## Collected data
★ ★ ★ ★ ★
(* Let $m,n,L\ge 2$ be integers. If $\beta=(\pi_\ell)_{\ell=1}^L$, $\pi_\ell=(a_\ell,b_\ell,c_\ell,d_\ell)$, is a chainable architecture such that $\mathcal{B}^\beta$ consists of $m\times n$ matrices and contains at least one matrix all of whose entries are nonzero, then there exist positive integers $q_1,\dots,q_L$ with $m=\prod_{\ell=1}^Lq_\ell$, $p_1,\dots,p_L$ with $n=\prod_{\ell=1}^Lp_\ell$, and $r_1,\dots,r_{L-1}$ such that, with the convention $r_0=r_L=1$, for each $1\le\ell\le L$: $$a_\ell=\prod_{j=1}^{\ell-1}p_j,\quad d_\ell=\prod_{j=\ell+1}^Lq_j,\quad b_\ell=q_\ell r_{\ell-1},\quad c_\ell=p_\ell r_\ell.$$ Conversely, any architecture defined by these formulas from positive integers $p_\ell,q_\ell,r_\ell$ with $n=\prod_\ell p_\ell$ and $m=\prod_\ell q_\ell$ is chainable and $\mathcal{B}^\beta\subseteq\mathbb{R}^{m\times n}$ (real matrices) contains at least one matrix with all entries nonzero. Such an architecture is non-redundant if and only if $r_1<q_1$, $r_{L-1}<p_L$, and $\frac{1}{p_\ell}<\frac{r_\ell}{r_{\ell-1}}<q_\ell$ for all $2\le\ell\le L-1$.
   Context: A pattern is a tuple $\pi=(a,b,c,d)$ of positive integers; $\mathbf{S}_\pi:=\mathbf{I}_a\otimes\mathbf{1}_{b\times c}\otimes\mathbf{I}_d\in\{0,1\}^{abd\times acd}$. A $\pi$-factor is a matrix of size $abd\times acd$ with support contained in that of $\mathbf{S}_\pi$. Patterns $\pi=(a,b,c,d),\pi'=(a',b',c',d')$ are chainable if $ac/a'=b'd'/d=:r(\pi,\pi')$ is an integer, $a\mid a'$, $d'\mid d$; a chainable pair is redundant if $r(\pi,\pi')\ge\min(b,c')$. An architecture $\beta=(\pi_\ell)_{\ell=1}^L$ is a sequence of patterns with $a_\ell c_\ell d_\ell=a_{\ell+1}b_{\ell+1}d_{\ell+1}$; it is chainable if every consecutive pair is chainable, and (if chainable) redundant if some consecutive pair is redundant. $\mathcal{B}^\beta:=\{\mathbf{X}_1\cdots\mathbf{X}_L:\mathbf{X}_\ell\text{ a }\pi_\ell\text{-factor}\}$. *)

From HB Require Import structures.
From mathcomp Require Import all_boot all_order all_algebra.
From mathcomp Require Import reals.
Set Implicit Arguments. Unset Strict Implicit. Unset Printing Implicit Defensive.
Import Order.TTheory GRing.Theory Num.Theory.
★ ★ ★ ★ ★
## Problem details
If a line appears above, it belongs in your answer, printed exactly.

## Problem solution
(* Let $m,n,L\ge 2$ be integers. If $\beta=(\pi_\ell)_{\ell=1}^L$, $\pi_\ell=(a_\ell,b_\ell,c_\ell,d_\ell)$, is a chainable architecture such that $\mathcal{B}^\beta$ consists of $m\times n$ matrices and contains at least one matrix all of whose entries are nonzero, then there exist positive integers $q_1,\dots,q_L$ with $m=\prod_{\ell=1}^Lq_\ell$, $p_1,\dots,p_L$ with $n=\prod_{\ell=1}^Lp_\ell$, and $r_1,\dots,r_{L-1}$ such that, with the convention $r_0=r_L=1$, for each $1\le\ell\le L$: $$a_\ell=\prod_{j=1}^{\ell-1}p_j,\quad d_\ell=\prod_{j=\ell+1}^Lq_j,\quad b_\ell=q_\ell r_{\ell-1},\quad c_\ell=p_\ell r_\ell.$$ Conversely, any architecture defined by these formulas from positive integers $p_\ell,q_\ell,r_\ell$ with $n=\prod_\ell p_\ell$ and $m=\prod_\ell q_\ell$ is chainable and $\mathcal{B}^\beta\subseteq\mathbb{R}^{m\times n}$ (real matrices) contains at least one matrix with all entries nonzero. Such an architecture is non-redundant if and only if $r_1<q_1$, $r_{L-1}<p_L$, and $\frac{1}{p_\ell}<\frac{r_\ell}{r_{\ell-1}}<q_\ell$ for all $2\le\ell\le L-1$.
   Context: A pattern is a tuple $\pi=(a,b,c,d)$ of positive integers; $\mathbf{S}_\pi:=\mathbf{I}_a\otimes\mathbf{1}_{b\times c}\otimes\mathbf{I}_d\in\{0,1\}^{abd\times acd}$. A $\pi$-factor is a matrix of size $abd\times acd$ with support contained in that of $\mathbf{S}_\pi$. Patterns $\pi=(a,b,c,d),\pi'=(a',b',c',d')$ are chainable if $ac/a'=b'd'/d=:r(\pi,\pi')$ is an integer, $a\mid a'$, $d'\mid d$; a chainable pair is redundant if $r(\pi,\pi')\ge\min(b,c')$. An architecture $\beta=(\pi_\ell)_{\ell=1}^L$ is a sequence of patterns with $a_\ell c_\ell d_\ell=a_{\ell+1}b_{\ell+1}d_{\ell+1}$; it is chainable if every consecutive pair is chainable, and (if chainable) redundant if some consecutive pair is redundant. $\mathcal{B}^\beta:=\{\mathbf{X}_1\cdots\mathbf{X}_L:\mathbf{X}_\ell\text{ a }\pi_\ell\text{-factor}\}$. *)

From HB Require Import structures.
From mathcomp Require Import all_boot all_order all_algebra.
From mathcomp Require Import reals.
Set Implicit Arguments. Unset Strict Implicit. Unset Printing Implicit Defensive.
Import Order.TTheory GRing.Theory Num.Theory.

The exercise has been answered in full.